Romford Recorder
- Front cover on 2 January 2026
- Type: Weekly newspaper
- Format: Tabloid
- Owner: USA Today Co.
- Publisher: Newsquest
- Editor: Simon Murfitt
- Founded: 1899
- Language: English
- Headquarters: Queens House, 55/56 Lincolns Inn Fields, London, WC2A 3LJ
- Country: United Kingdom
- Circulation: 8,852 (as of 2024)
- ISSN: 0961-3382
- Website: www.romfordrecorder.co.uk

= Romford Recorder =

Newspaper in London, UK

The Romford Recorder is a local newspaper for the town of Romford and the wider London Borough of Havering.

==History==
The newspaper was established in 1899.

In 1934, the paper successfully defended itself against an accusation of libel by Frederick Standen, a member of Hornchurch Urban District Council, who claimed a letter published had incorrectly linked private interest in the development of a housing estate to his elected office.
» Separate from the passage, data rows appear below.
(* Let $\Gamma=\mathrm{SL}_2(\mathbb Z)$, $\nu_{\mathbb H}\begin{pmatrix}a&b\\c&d\end{pmatrix}=a^2+b^2+c^2+d^2$, and for integers $m_1,m_2$ and $n\ge3$ let $$S_e(m_1,m_2,n)=\sum_{\substack{\gamma\in\Gamma\\ \nu_{\mathbb H}(\gamma)=n}}\exp\big(i(2\theta_1(\gamma)m_1+2\theta_2(\gamma)m_2)\big).$$ If $m_1$ or $m_2$ is odd, then $S_e(m_1,m_2,n)=0$. If both are even, then $$S_e(m_1,m_2,n)=\begin{cases}16\,W_{m_1+m_2}(n+2)\,W_{m_1-m_2}(n-2),& n\equiv2\bmod4,\\ 8\,W^P_{m_1+m_2}(n+2)\,W^P_{m_1-m_2}(n-2),& n\equiv3\bmod4,\\ 0,&\text{otherwise.}\end{cases}$$
   Context: For $\theta\in\mathbb R$, $r\ge0$ let $k(\theta)=\begin{pmatrix}\cos\theta&\sin\theta\\-\sin\theta&\cos\theta\end{pmatrix}$, $a(e^{-r})=\mathrm{diag}(e^{-r/2},e^{r/2})$; each $\gamma$ is written $\gamma=k(\theta_1(\gamma))a(e^{-r})k(\theta_2(\gamma))$ with $r=d_{\mathbb H}(\gamma i,i)>0$ when $\nu_{\mathbb H}(\gamma)>2$, the angles being determined mod $\pi$. $N(z)=z\bar z$; $w\in\mathbb Z[i]$ is primary if $w\equiv1\bmod(1+i)^3$. $W_m(n)=\frac14\sum_{z\in\mathbb Z[i],N(z)=n}(z/|z|)^m$. For odd $n$, $W^P_m(n)=\sum_{z\in\mathbb Z[i],\,N(z)=n,\,z\text{ primary}}(z/|z|)^m$; $W^P_m(2^l)=e^{i\pi lm/4}$; and $W^P_m(2^ln')=W^P_m(2^l)W^P_m(n')$ for $n'$ odd. *)

From HB Require Import structures.
From mathcomp Require Import all_boot all_order all_algebra.
From mathcomp Require Import all_classical all_reals.
From mathcomp Require Import all_analysis.
From mathcomp Require Import complex.

Set Implicit Arguments.
Unset Strict Implicit.
Unset Printing Implicit Defensive.

Import Order.TTheory GRing.Theory Num.Theory.
Local Open Scope ring_scope.
Local Open Scope complex_scope.

Section Defs.
Variable R : realType.

Definition mx22 (T : Type) (a b c d : T) : 'M[T]_2 :=
  \matrix_(i < 2, j < 2)
    if i == 0 :> nat then (if j == 0 :> nat then a else b)
    else (if j == 0 :> nat then c else d).

Definition kmat (t : R) : 'M[R]_2 := mx22 (cos t) (sin t) (- sin t) (cos t).
Definition amat (r : R) : 'M[R]_2 := mx22 (expR (- r / 2)) 0 0 (expR (r / 2)).

Definition nuH (g : 'M[int]_2) : int := \sum_(i < 2) \sum_(j < 2) g i j ^+ 2.

Definition expi (t : R) : R[i] := cos t +i* sin t.

Definition rng (n : nat) : seq int := [seq (i%:Z - n%:Z)%R | i <- iota 0 (2 * n).+1].

(* Every such
   gamma has entries in [-n, n], so the four-fold sum over rng n enumerates
   exactly the (finite) set {gamma in SL_2(Z) | nu_H(gamma) = n}, each
   element once.  th1, th2 are the angle functions theta_1, theta_2. *)
Definition Se (th1 th2 : 'M[int]_2 -> R) (m1 m2 : int) (n : nat) : R[i] :=
  \sum_(a <- rng n) \sum_(b <- rng n) \sum_(c <- rng n)
   \sum_(d <- rng n | (\det (mx22 a b c d) == 1) && (nuH (mx22 a b c d) == n%:Z))
     expi (2 * th1 (mx22 a b c d) * m1%:~R + 2 * th2 (mx22 a b c d) * m2%:~R).

Definition zunit (x y : int) (n : nat) : R[i] :=
  (x%:~R +i* y%:~R) / (Num.sqrt (n%:R : R))%:C.

Definition W (m : int) (n : nat) : R[i] :=
  4^-1 * \sum_(x <- rng n) \sum_(y <- rng n | x ^+ 2 + y ^+ 2 == n%:Z)
            zunit x y n ^ m.

(* Divisibility in Z[i]: (a1 + i a2) | (b1 + i b2), i.e.
   (b1 + i b2) * conj(a1 + i a2) / N(a1 + i a2) lies in Z[i]. *)
Definition gdvd (a1 a2 b1 b2 : int) : bool :=
  let N := a1 ^+ 2 + a2 ^+ 2 in
  (N %| b1 * a1 + b2 * a2)%Z && (N %| b2 * a1 - b1 * a2)%Z.

(* w = x + i y is primary iff w = 1 mod (1+i)^3, and (1+i)^3 = -2 + 2i *)
Definition primary (x y : int) : bool := gdvd (-2) 2 (x - 1) y.

Definition WPodd (m : int) (n : nat) : R[i] :=
  \sum_(x <- rng n) \sum_(y <- rng n | (x ^+ 2 + y ^+ 2 == n%:Z) && primary x y)
     zunit x y n ^ m.

Definition WP (m : int) (n : nat) : R[i] :=
  let l := logn 2 n in
  expi (pi * l%:R * m%:~R / 4) * WPodd m (n %/ 2 ^ l).

End Defs.

From HB Require Import structures.
From mathcomp Require Import all_boot all_order all_algebra.
From mathcomp Require Import all_classical all_reals.
From mathcomp Require Import all_analysis.
From mathcomp Require Import complex.
From mathcomp Require Import zify ring lra.

(* Write gamma = k(t1) a(e^-r) k(t2) and e_pm = e^(r/2) +- e^(-r/2).  The Gaussian
   integers z = (a + d) + i (b - c) and w = (d - a) + i (b + c) are e_+ e^(i (t1 + t2))
   and e_- e^(i (t1 - t2)), of norms n + 2 and n - 2, so the summand of S_e is
   (z/|z|)^(m1 + m2) (w/|w|)^(m1 - m2); and gamma |-> (z, w) is a bijection onto the
   pairs of such norms with z = w mod 2.  Rotating (z, w) to (i z, i w), resp.
   (i z, -i w), permutes these pairs and multiplies the sum by i^(2 m1), resp.
   i^(2 m2), so it vanishes unless m1 and m2 are even.  Then the sum factors:
   for n = 2 mod 4 all coordinates are even and the congruence is automatic; for
   n = 3 mod 4 it says that Re z and Re w have the same parity, and rotation by i
   and negation relate the two parity classes to the primary elements; otherwise
   n + 2 or n - 2 is 3 mod 4 or 6 mod 8, which is never a sum of two squares. *)

Set Implicit Arguments.
Unset Strict Implicit.
Unset Printing Implicit Defensive.

Import Order.TTheory GRing.Theory Num.Theory.
Local Open Scope ring_scope.
Local Open Scope complex_scope.

Lemma reindex_inj_seq (R : Type) (idx : R) (op : Monoid.com_law idx)
    (T : eqType) (s : seq T) (f : T -> T) (P : pred T) (F : T -> R) :
  uniq s -> injective f -> {in s, forall x, f x \in s} ->
  \big[op/idx]_(x <- s | P x) F x = \big[op/idx]_(x <- s | P (f x)) F (f x).
Proof.
move=> s_uniq f_inj f_s.
suff fs_perm : perm_eq s (map f s) by rewrite (perm_big _ fs_perm) big_map.
have fs_uniq : uniq (map f s) by rewrite map_inj_uniq.
have fs_sub : {subset map f s <= s} by move=> _ /mapP[x xs ->]; apply: f_s.
have [_ fs_eq] := uniq_min_size fs_uniq fs_sub (eq_leq (esym (size_map f s))).
by apply: uniq_perm => // x; rewrite fs_eq.
Qed.

Lemma mem_allpairs_pair (S T : eqType) (s : seq S) (t : seq T) (x : S) (y : T) :
  ((x, y) \in [seq (a, b) | a <- s, b <- t]) = (x \in s) && (y \in t).
Proof.
by apply/allpairsP/andP => [[[a b] /= [? ? [-> ->]]] // | [? ?]]; exists (x, y).
Qed.

Lemma allpairs_pair_uniq (S T : eqType) (s : seq S) (t : seq T) :
  uniq s -> uniq t -> uniq [seq (a, b) | a <- s, b <- t].
Proof. by move=> ? ?; apply: allpairs_uniq => // [[? ?] [? ?]]. Qed.

Lemma mem_rng (n : nat) (x : int) : (x \in rng n) = (- n%:Z <= x <= n%:Z).
Proof.
apply/mapP/idP => [[k] | x_bnd]; first by rewrite mem_iota => ? ->; lia.
by exists (absz (x + n%:Z)); [rewrite mem_iota | ]; lia.
Qed.

Lemma rng_uniq (n : nat) : uniq (rng n).
Proof. by rewrite map_inj_uniq ?iota_uniq // => i j /eqP; rewrite subr_eq subrK => /eqP []. Qed.

Lemma mem_rng_sqr (n : nat) (x : int) : x ^+ 2 <= n%:Z -> x \in rng n.
Proof.
rewrite mem_rng => x2_le.
have [x_le0 | x_ge1] : x <= 0 \/ 1 <= x by lia.
all: nia.
Qed.

(* A Gaussian integer x + i y is encoded as the pair (x, y). *)
Definition gaussN (z : int * int) : int := z.1 ^+ 2 + z.2 ^+ 2.
Definition grot (z : int * int) : int * int := (- z.2, z.1).
Definition grotV (z : int * int) : int * int := (z.2, - z.1).
Definition gopp (z : int * int) : int * int := (- z.1, - z.2).
Definition gcongr2 (z w : int * int) : bool := (2 %| z.1 - w.1)%Z && (2 %| z.2 - w.2)%Z.

Definition box (n : nat) : seq (int * int) := [seq (x, y) | x <- rng n, y <- rng n].
Definition circle (n : nat) : seq (int * int) := [seq z <- box n | gaussN z == n%:Z].

Lemma circle_uniq (n : nat) : uniq (circle n).
Proof. by rewrite filter_uniq // allpairs_pair_uniq ?rng_uniq. Qed.

Lemma mem_circle (n : nat) (z : int * int) : (z \in circle n) = (gaussN z == n%:Z).
Proof.
case: z => x y; rewrite mem_filter mem_allpairs_pair /gaussN /=.
by case: eqP => //= xy_n; rewrite !mem_rng_sqr //; lia.
Qed.

Lemma reindex_circle (V : nmodType) (f : int * int -> int * int) (n : nat)
    (P : pred (int * int)) (F : int * int -> V) :
  injective f -> (forall z, gaussN (f z) = gaussN z) ->
  \sum_(z <- circle n | P z) F z = \sum_(z <- circle n | P (f z)) F (f z).
Proof.
by move=> f_inj fN; apply: reindex_inj_seq; rewrite ?circle_uniq // => z; rewrite !mem_circle fN.
Qed.

Lemma grot_inj : injective grot.
Proof. by move=> [x y] [x' y'] [] *; congr (_, _); lia. Qed.

Lemma grotV_inj : injective grotV.
Proof. by move=> [x y] [x' y'] [] *; congr (_, _); lia. Qed.

Lemma gopp_inj : injective gopp.
Proof. by move=> [x y] [x' y'] [] *; congr (_, _); lia. Qed.

Lemma gaussN_grot (z : int * int) : gaussN (grot z) = gaussN z.
Proof. by rewrite /gaussN /= sqrrN addrC. Qed.

Lemma gaussN_grotV (z : int * int) : gaussN (grotV z) = gaussN z.
Proof. by rewrite /gaussN /= sqrrN addrC. Qed.

Lemma gaussN_gopp (z : int * int) : gaussN (gopp z) = gaussN z.
Proof. by rewrite /gaussN /= !sqrrN. Qed.

Lemma sqr_mod8 (x : int) : exists k j : int,
  (x = 2 * j /\ (x ^+ 2 = 8 * k \/ x ^+ 2 = 8 * k + 4)) \/ (x = 2 * j + 1 /\ x ^+ 2 = 8 * k + 1).
Proof.
have [j [r [-> r_bnd]]] : exists j r : int, x = 4 * j + r /\ 0 <= r < 4.
  by exists (x %/ 4)%Z, (x %% 4)%Z; rewrite mulrC -divz_eq modz_ge0 ?ltz_pmod.
have [->|[->|[->|->]]] : r = 0 \/ r = 1 \/ r = 2 \/ r = 3 by lia.
- by exists (2 * j ^+ 2), (2 * j); left; split; [ring | left; ring].
- by exists (2 * j ^+ 2 + j), (2 * j); right; split; ring.
- by exists (2 * j ^+ 2 + 2 * j), (2 * j + 1); left; split; [ring | right; ring].
- by exists (2 * j ^+ 2 + 3 * j + 1), (2 * j + 1); right; split; ring.
Qed.

Lemma gaussN_dvd4 (z : int * int) : (4 %| gaussN z)%Z -> (2 %| z.1)%Z && (2 %| z.2)%Z.
Proof. by have [k1 [j1]] := sqr_mod8 z.1; have [k2 [j2]] := sqr_mod8 z.2; rewrite /gaussN; lia. Qed.

Lemma gaussN_odd (z : int * int) : ~~ (2 %| gaussN z)%Z -> (2 %| z.1)%Z = ~~ (2 %| z.2)%Z.
Proof. by have [k1 [j1]] := sqr_mod8 z.1; have [k2 [j2]] := sqr_mod8 z.2; rewrite /gaussN; lia. Qed.

Lemma gaussN_neq_mod (z : int * int) : ((gaussN z %% 4)%Z != 3) && ((gaussN z %% 8)%Z != 6).
Proof. by have [k1 [j1]] := sqr_mod8 z.1; have [k2 [j2]] := sqr_mod8 z.2; rewrite /gaussN; lia. Qed.

Lemma circle_nil (n : nat) : (n %% 4 == 3)%N || (n %% 8 == 6)%N -> circle n = [::].
Proof.
case E: (circle n) => [//|z s] n_mod.
have : z \in circle n by rewrite E mem_head.
by rewrite mem_circle => /eqP z_n; move: (gaussN_neq_mod z); rewrite z_n; lia.
Qed.

Lemma circle_odd (N : nat) (z : int * int) :
  odd N -> z \in circle N -> (2 %| z.1)%Z = ~~ (2 %| z.2)%Z.
Proof.
by move=> N_odd; rewrite mem_circle => /eqP zN; apply: gaussN_odd; rewrite zN dvdzE dvdn2 negbK.
Qed.

Lemma gcongr2_odd (z w : int * int) :
  (2 %| z.1)%Z = ~~ (2 %| z.2)%Z -> (2 %| w.1)%Z = ~~ (2 %| w.2)%Z ->
  gcongr2 z w = ((2 %| z.1)%Z == (2 %| w.1)%Z).
Proof. by rewrite /gcongr2; lia. Qed.

Lemma primaryE (x y : int) : primary x y = (2 %| y)%Z && (4 %| x - 1 - y)%Z.
Proof. by rewrite /primary /gdvd; apply/andP/andP => -[? ?]; split; lia. Qed.

Lemma primary_odd (x y : int) : primary x y -> ~~ (2 %| x)%Z.
Proof. by rewrite primaryE; lia. Qed.

Lemma primaryN (x y : int) :
  ~~ (2 %| x)%Z -> (2 %| y)%Z -> primary (- x) (- y) = ~~ primary x y.
Proof. by rewrite !primaryE; lia. Qed.

Section GaussianUnits.
Variable R : realType.

Lemma expi0 : expi (0 : R) = 1.
Proof. by rewrite /expi cos0 sin0. Qed.

Lemma expiD (s t : R) : expi (s + t) = expi s * expi t.
Proof. by rewrite /expi cosD sinD; congr (_ +i* _); ring. Qed.

Lemma expiN (t : R) : expi (- t) = (expi t)^-1.
Proof. by apply/esym/mulr1_eq; rewrite -expiD subrr expi0. Qed.

Lemma expiMn (t : R) (k : nat) : expi (t * k%:R) = expi t ^+ k.
Proof. by elim: k => [|k IHk]; rewrite ?mulr0 ?expi0 // mulrS mulrDr mulr1 expiD IHk exprS. Qed.

Lemma expiMz (t : R) (k : int) : expi (t * k%:~R) = expi t ^ k.
Proof. by case: k => k; rewrite ?NegzE ?rmorphN /= ?mulrN ?expiN expiMn. Qed.

Lemma expN1z (k : int) : (-1 : R[i]) ^ k = if (2 %| k)%Z then 1 else -1.
Proof. by rewrite expN1r -signr_odd dvdzE dvdn2; case: (odd _). Qed.

Lemma expNz_even (x : R[i]) (k : int) : (2 %| k)%Z -> (- x) ^ k = x ^ k.
Proof. by move=> k_even; rewrite expNrz expN1z k_even mul1r. Qed.

Lemma imag_unit_exp2z (k : int) : 'i%C ^ (2 * k) = if (2 %| k)%Z then 1 else -1 :> R[i].
Proof. by rewrite -exprz_exp -exprnP sqr_i expN1z. Qed.

Lemma i_neq0 : 'i%C != 0 :> R[i].
Proof. by rewrite eq_complex negb_and oner_eq0 orbT. Qed.

Lemma zunit_opp (z : int * int) (n : nat) :
  zunit R (gopp z).1 (gopp z).2 n = - zunit R z.1 z.2 n.
Proof. by rewrite /zunit -mulNr !rmorphN. Qed.

Lemma zunit_rot (z : int * int) (n : nat) :
  zunit R (grot z).1 (grot z).2 n = 'i * zunit R z.1 z.2 n.
Proof. by rewrite /zunit mulrA /= rmorphN; congr (_ / _); congr (_ +i* _); ring. Qed.

Lemma zunit_rotV (z : int * int) (n : nat) :
  zunit R (grotV z).1 (grotV z).2 n = 'i^-1 * zunit R z.1 z.2 n.
Proof.
have -> : 'i^-1 = - 'i :> R[i] by apply: mulr1_eq; rewrite mulrN -expr2 sqr_i opprK.
by rewrite /zunit mulrA /= rmorphN; congr (_ / _); congr (_ +i* _); ring.
Qed.

Lemma zunit_polar (x y : int) (n : nat) (rho t : R) : 0 < rho ->
  x%:~R = rho * cos t -> y%:~R = rho * sin t -> x ^+ 2 + y ^+ 2 = n%:Z ->
  zunit R x y n = expi t.
Proof.
move=> rho_gt0 xE yE xy_n.
have sqrt_n : Num.sqrt (n%:R : R) = rho.
  have -> : (n%:R : R) = rho ^+ 2.
    rewrite -[n%:R]/((n%:Z)%:~R) -xy_n rmorphD !rmorphXn /= xE yE.
    by rewrite !exprMn -mulrDr cos2Dsin2 mulr1.
  by rewrite sqrtr_sqr gtr0_norm.
rewrite /zunit sqrt_n xE yE.
have -> : (rho * cos t) +i* (rho * sin t) = expi t * rho%:C.
  by rewrite /expi /=; congr (_ +i* _); ring.
by rewrite mulfK // eq_complex /= negb_and gt_eqF.
Qed.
In 1957, during petrol rationing caused by the Suez Crisis, the paper was found to be in contempt of the House of Commons for printing the headline "MPs too kind to themselves" for a story about parliamentarian petrol allowances.

Following the departure of Mark Sweetingham in 2013, there ceased to be a single editor for the publication and responsibility was shared with other publications.

Archant, including the Romford Recorder, was purchased by Newsquest in 2022.

In 2024, the publication won a three-year legal battle with Havering London Borough Council over the publication of an internal investigation into racism that found discrimination had been "normalised" at the authority.

==Circulation==
During 2024, the publication had an average circulation of 8,852 from paid and free copies.